The Inheritance Trilogy
Page 26
I waited patiently while she issued instructions to them. On the far side of the room, the human version of Nahadoth sat on a windowsill, gazing out at the early-afternoon sun. If he heard me enter, he did not look up to acknowledge it.
“I confess I’m curious,” Scimina said, turning to me at last. I felt a fleeting, petty sense of pleasure at the sight of a large bruise on her jaw. Was there no magic to quickly heal such small wounds? A shame. “What could bring you here to visit me? Do you plan to plead for your nation?”
I shook my head. “There would be no point.”
She smiled, almost kindly. “True. Well, then. What do you want?”
“To take you up on an offer,” I said. “I hope that it still stands?”
Another small satisfaction: the blank look on her face. “What offer would that be, Cousin?”
I nodded past her, at the still figure in the window. He was clothed, I saw, in a simple black shirt and pants, and a plain iron collar for once. That was good. I found him more distasteful nude. “You said that I was welcome to borrow your pet sometime.”
Beyond Scimina, Naha turned to stare at me, his brown eyes wide. Scimina did, too, for a moment, and then she burst out laughing.
“I see!” She shifted her weight to one side and put a hand on her hip, much to the consternation of the tailors. “I can’t argue with your choice, Cousin. He’s much more fun than T’vril. But—forgive me—you seem such a small creature. And my Naha is so very… strong. Are you certain?”
Her insults wafted past me like air; I barely noticed. “I am.”

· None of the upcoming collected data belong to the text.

(* Let $K=\mathbb{Q}(\alpha,i)$ where $\alpha$ is a root of $x^3-93x+124$ (field $\Gamma_1$), of $x^3-129x-344$ (field $\Gamma_4$), or of $x^3-21x-28$ (field $\Omega_1$); let $F=\mathbb{Q}(\alpha)$ and $\rho$ complex conjugation. Let $\mathfrak{p}$ be a prime of $F$ above $2$ and $\mathfrak{P}$ the prime of $K$ above $\mathfrak{p}$ (one has $\mathfrak{p}\mathcal{O}_K=\mathfrak{P}^2$), and let $\chi_{\mathfrak{p}}:F_{\mathfrak{p}}^\times\to\{\pm1\}$ be the quadratic character associated with $K_{\mathfrak{P}}/F_{\mathfrak{p}}$. Then there exists a homomorphism $\widetilde{\chi_{\mathfrak{P}}}:\mathcal{O}_{K_{\mathfrak{P}}}^\times\to\{\pm1,\pm i\}$ such that $\widetilde{\chi_{\mathfrak{P}}}|_{\mathcal{O}_{F_{\mathfrak{p}}}^\times}=\chi_{\mathfrak{p}}|_{\mathcal{O}_{F_{\mathfrak{p}}}^\times}$, $\widetilde{\chi_{\mathfrak{P}}}(i)=i$, and $\widetilde{\chi_{\mathfrak{P}}}(x^\rho)=\widetilde{\chi_{\mathfrak{P}}}(x)^\rho$ for all $x\in\mathcal{O}_{K_{\mathfrak{P}}}^\times$.
   Context: $K$ is a CM field cyclic of degree 6 over $\mathbb{Q}$ with cubic subfield $F$; $2$ splits completely in $F$ and each prime of $F$ above $2$ ramifies in $K$, so $\rho$ fixes $\mathfrak{P}$ and acts on $K_{\mathfrak{P}}$. *)

(* Local fields are handled abstractly: the completion K_P is
   any complete discretely-valued field L with a dense embedding of K. *)
From HB Require Import structures.
From mathcomp Require Import all_boot all_order all_algebra all_field.
Set Implicit Arguments. Unset Strict Implicit. Unset Printing Implicit Defensive.
Import Order.TTheory GRing.Theory Num.Theory.
Local Open Scope ring_scope.

(* v : L -> int is a (discrete, additively written) valuation on L^x;
   the value at 0 is irrelevant (0 has valuation +oo). *)
Definition is_dval (L : fieldType) (v : L -> int) : Prop :=
  (forall x y : L, x != 0 -> y != 0 -> v (x * y) = v x + v y) /\
  (forall x y : L, x != 0 -> y != 0 -> x + y != 0 ->
     Num.min (v x) (v y) <= v (x + y)).

Definition vge (L : fieldType) (v : L -> int) (x : L) (n : int) : Prop :=
  x = 0 \/ n <= v x.

Definition vcomplete (L : fieldType) (v : L -> int) : Prop :=
  forall u : nat -> L,
    (forall n : int, exists N : nat, forall m k : nat,
        (N <= m)%N -> (N <= k)%N -> vge v (u m - u k) n) ->
    exists l : L, forall n : int, exists N : nat, forall m : nat,
        (N <= m)%N -> vge v (u m - l) n.

Definition vdense (K L : fieldType) (v : L -> int) (iota : K -> L) : Prop :=
  forall (x : L) (n : int), exists y : K, vge v (x - iota y) n.

Definition vclosure (L : fieldType) (v : L -> int) (S : L -> Prop) (x : L) : Prop :=
  forall n : int, exists y : L, S y /\ vge v (x - y) n.

Definition vunit (L : fieldType) (v : L -> int) (x : L) : Prop :=
  x != 0 /\ v x = 0.

Definition generated_by (K : fieldType) (a j : K) : Prop :=
  forall x : K, exists c : 'I_3 -> 'I_2 -> rat,
    x = \sum_(k < 3) \sum_(l < 2) ratr (c k l) * a ^+ k * j ^+ l.

Definition in_Qa (K : fieldType) (a x : K) : Prop :=
  exists c : 'I_3 -> rat, x = \sum_(k < 3) ratr (c k) * a ^+ k.

From HB Require Import structures.
From mathcomp Require Import all_boot all_order all_algebra all_field.
From mathcomp Require Import zify ring.
From Stdlib Require Import ClassicalEpsilon.
Import Order.TTheory GRing.Theory Num.Theory.
Set Implicit Arguments. Unset Strict Implicit. Unset Printing Implicit Defensive.
Local Open Scope ring_scope.

(* The completion L is Q_2(i): since 2 splits completely in F, Newton's method
   started at roots modulo 16 of the cubic puts alpha in the closure of Q, so
   Q(i) is dense in L and every unit of L is congruent to a Gaussian integer
   M + N i modulo 8.  The group (Z[i]/4)^x is the product of <i> and
   {1, 1 + 2i}; projecting onto <i> gives chi, with chi(i) = i and
   chi(conj x) = conj (chi x), hence chi(y conj y) = |chi y|^2 = 1 on norms.
   For a unit x of Q_2: if x = 1 mod 8 it is a square of a conjugation-fixed
   element (Hensel), if x = 5 mod 8 it is 5 = (1 + 2i)(1 - 2i) times such a
   square, and if x = 3 mod 4 then chi x = -1; so chi extends chi_p. *)

Lemma pchar0_intr_eq0 (R : idomainType) (m : int) :
  [pchar R] =i pred0 -> (m%:~R == 0 :> R) = (m == 0).
Proof.
move=> /pcharf0P charR; case: m => n; first by rewrite /= charR.
by rewrite NegzE mulrNz oppr_eq0 charR.
Qed.

Section Valuation.
Variables (L : fieldType) (v : L -> int).
Hypothesis hv : is_dval v.

Lemma dvalM x y : x != 0 -> y != 0 -> v (x * y) = v x + v y.
Proof. exact: hv.1. Qed.

Lemma dval1 : v 1 = 0.
Proof. by have := @dvalM 1 1 (oner_neq0 _) (oner_neq0 _); rewrite mulr1; lia. Qed.

Lemma dvalX x n : x != 0 -> v (x ^+ n) = n%:Z * v x.
Proof.
move=> x0; elim: n => [|n IHn]; first by rewrite expr0 dval1 mul0r.
by rewrite exprS dvalM ?expf_neq0 // IHn; lia.
Qed.

Lemma dvalN x : v (- x) = v x.
Proof.
have N1_0 : (-1 : L) != 0 by rewrite oppr_eq0 oner_eq0.
have vN1 : v (-1) = 0 by have := dvalX 2 N1_0; rewrite sqrrN expr1n dval1; lia.
have [->|x0] := eqVneq x 0; first by rewrite oppr0.
by rewrite -mulN1r dvalM // vN1 add0r.
Qed.

Lemma dvalV x : x != 0 -> v x^-1 = - v x.
Proof.
by move=> x0; have := dvalM x0 (invr_neq0 x0); rewrite mulfV // dval1; lia.
Qed.

Lemma vgeP x n : x != 0 -> vge v x n -> n <= v x.
Proof. by move=> x0 [/eqP|//]; rewrite (negbTE x0). Qed.

Lemma vge_total x n : vge v x n \/ (x != 0 /\ v x < n).
Proof.
have [->|x0] := eqVneq x 0; first by left; left.
by have [le_nx|lt_xn] := leP n (v x); [left; right | right].
Qed.

Lemma vge_refl x : vge v x (v x).
Proof. by right. Qed.

Lemma vge_le x m n : vge v x n -> m <= n -> vge v x m.
Proof. by case=> [->|le_nx le_mn]; [left | right; apply: le_trans le_mn le_nx]. Qed.

Lemma vge_eq0 x : (forall n : nat, vge v x n) -> x = 0.
Proof.
move=> vx; apply/eqP/negPn/negP => x0.
by have := vgeP x0 (vx (absz (v x)).+1); lia.
Qed.

Lemma vgeD x y n : vge v x n -> vge v y n -> vge v (x + y) n.
Proof.
move=> vx vy; have [->|x0] := eqVneq x 0; first by rewrite add0r.
have [->|y0] := eqVneq y 0; first by rewrite addr0.
have [->|xy0] := eqVneq (x + y) 0; first by left.
right; apply: le_trans (hv.2 x y x0 y0 xy0).
by rewrite le_min (vgeP x0 vx) (vgeP y0 vy).
Qed.

Lemma vgeN x n : vge v x n -> vge v (- x) n.
Proof. by case=> [->|vx]; [left; rewrite oppr0 | right; rewrite dvalN]. Qed.

Lemma vgeB x y n : vge v x n -> vge v y n -> vge v (x - y) n.
Proof. by move=> vx vy; apply: vgeD vx (vgeN vy). Qed.

Lemma vgeM x y m n : vge v x m -> vge v y n -> vge v (x * y) (m + n).
Proof.
move=> vx vy; have [->|x0] := eqVneq x 0; first by rewrite mul0r; left.
have [->|y0] := eqVneq y 0; first by rewrite mulr0; left.
by right; rewrite dvalM // lerD // ?vgeP.
Qed.

Lemma vge_trans x y z n : vge v (x - y) n -> vge v (y - z) n -> vge v (x - z) n.
Proof. by move=> vxy vyz; rewrite -[x - z](subrKA y); apply: vgeD. Qed.

Lemma vge_mulB x y X Y n : vge v (x - X) n -> vge v (y - Y) n ->
  vge v x 0 -> vge v Y 0 -> vge v (x * y - X * Y) n.
Proof.
move=> vxX vyY vx vY; rewrite -[_ - _](subrKA (x * Y)) -mulrBr -mulrBl.
by apply: vgeD; [apply: vge_le (vgeM vx vyY) _ | apply: vge_le (vgeM vxX vY) _];
  rewrite ?add0r ?addr0.
Qed.

Lemma vge_int (m : int) : vge v m%:~R 0.
Proof.
have vge_nat (n : nat) : vge v n%:R 0.
  by elim: n => [|n IHn]; [left | rewrite mulrSr; apply: vgeD => //; right; rewrite dval1].
by case: m => n; [apply: vge_nat | rewrite NegzE mulrNz; apply/vgeN/vge_nat].
Qed.

End Valuation.

Section Closure.
Variables (L : fieldType) (v : L -> int) (S : L -> Prop).
Hypothesis hv : is_dval v.

Lemma vclosure_of x : S x -> vclosure v S x.
Proof. by move=> Sx n; exists x; split=> //; rewrite subrr; left. Qed.

Lemma vclosureW (T : L -> Prop) x :
  (forall y, S y -> T y) -> vclosure v S x -> vclosure v T x.
Proof. by move=> ST clx n; have [y [/ST Ty vxy]] := clx n; exists y. Qed.

Lemma vclosure_idem x : vclosure v (vclosure v S) x -> vclosure v S x.
Proof.
move=> clx n; have [y [cly vxy]] := clx n; have [z [Sz vyz]] := cly n.
by exists z; split=> //; apply: vge_trans vxy vyz.
Qed.

Hypotheses (SD : forall x y, S x -> S y -> S (x + y)) (SM : forall x y, S x -> S y -> S (x * y)).

Lemma vclosureD x y : vclosure v S x -> vclosure v S y -> vclosure v S (x + y).
Proof.
move=> clx cly n; have [a [Sa vxa]] := clx n; have [b [Sb vyb]] := cly n.
by exists (a + b); split; [apply: SD | rewrite opprD addrACA; apply: vgeD].
Qed.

Scimina shook her head, bemused. “Very well. I have no use for him at the moment anyhow; he’s weak today. Probably just right for you, though—” She paused then, glancing at the windows. Checking the position of the sun. “Of course you know to beware sunset.”
“Of course.” I smiled, drawing a momentary frown from her. “I have no wish to die earlier than necessary.”
Something like suspicion flickered in Scimina’s eyes for a moment, and I felt tension in the pit of my belly. But she finally shrugged.
“Go with her,” she said, and Nahadoth rose.
“For how long?” he asked, his voice neutral.
“Until she’s dead.” Scimina smiled and opened her arms in a magnanimous gesture. “Who am I to deny a last request? But while you’re at it, Naha, see to it that she does nothing too strenuous—nothing that would incapacitate her, at least. We need her fit, two mornings from now.”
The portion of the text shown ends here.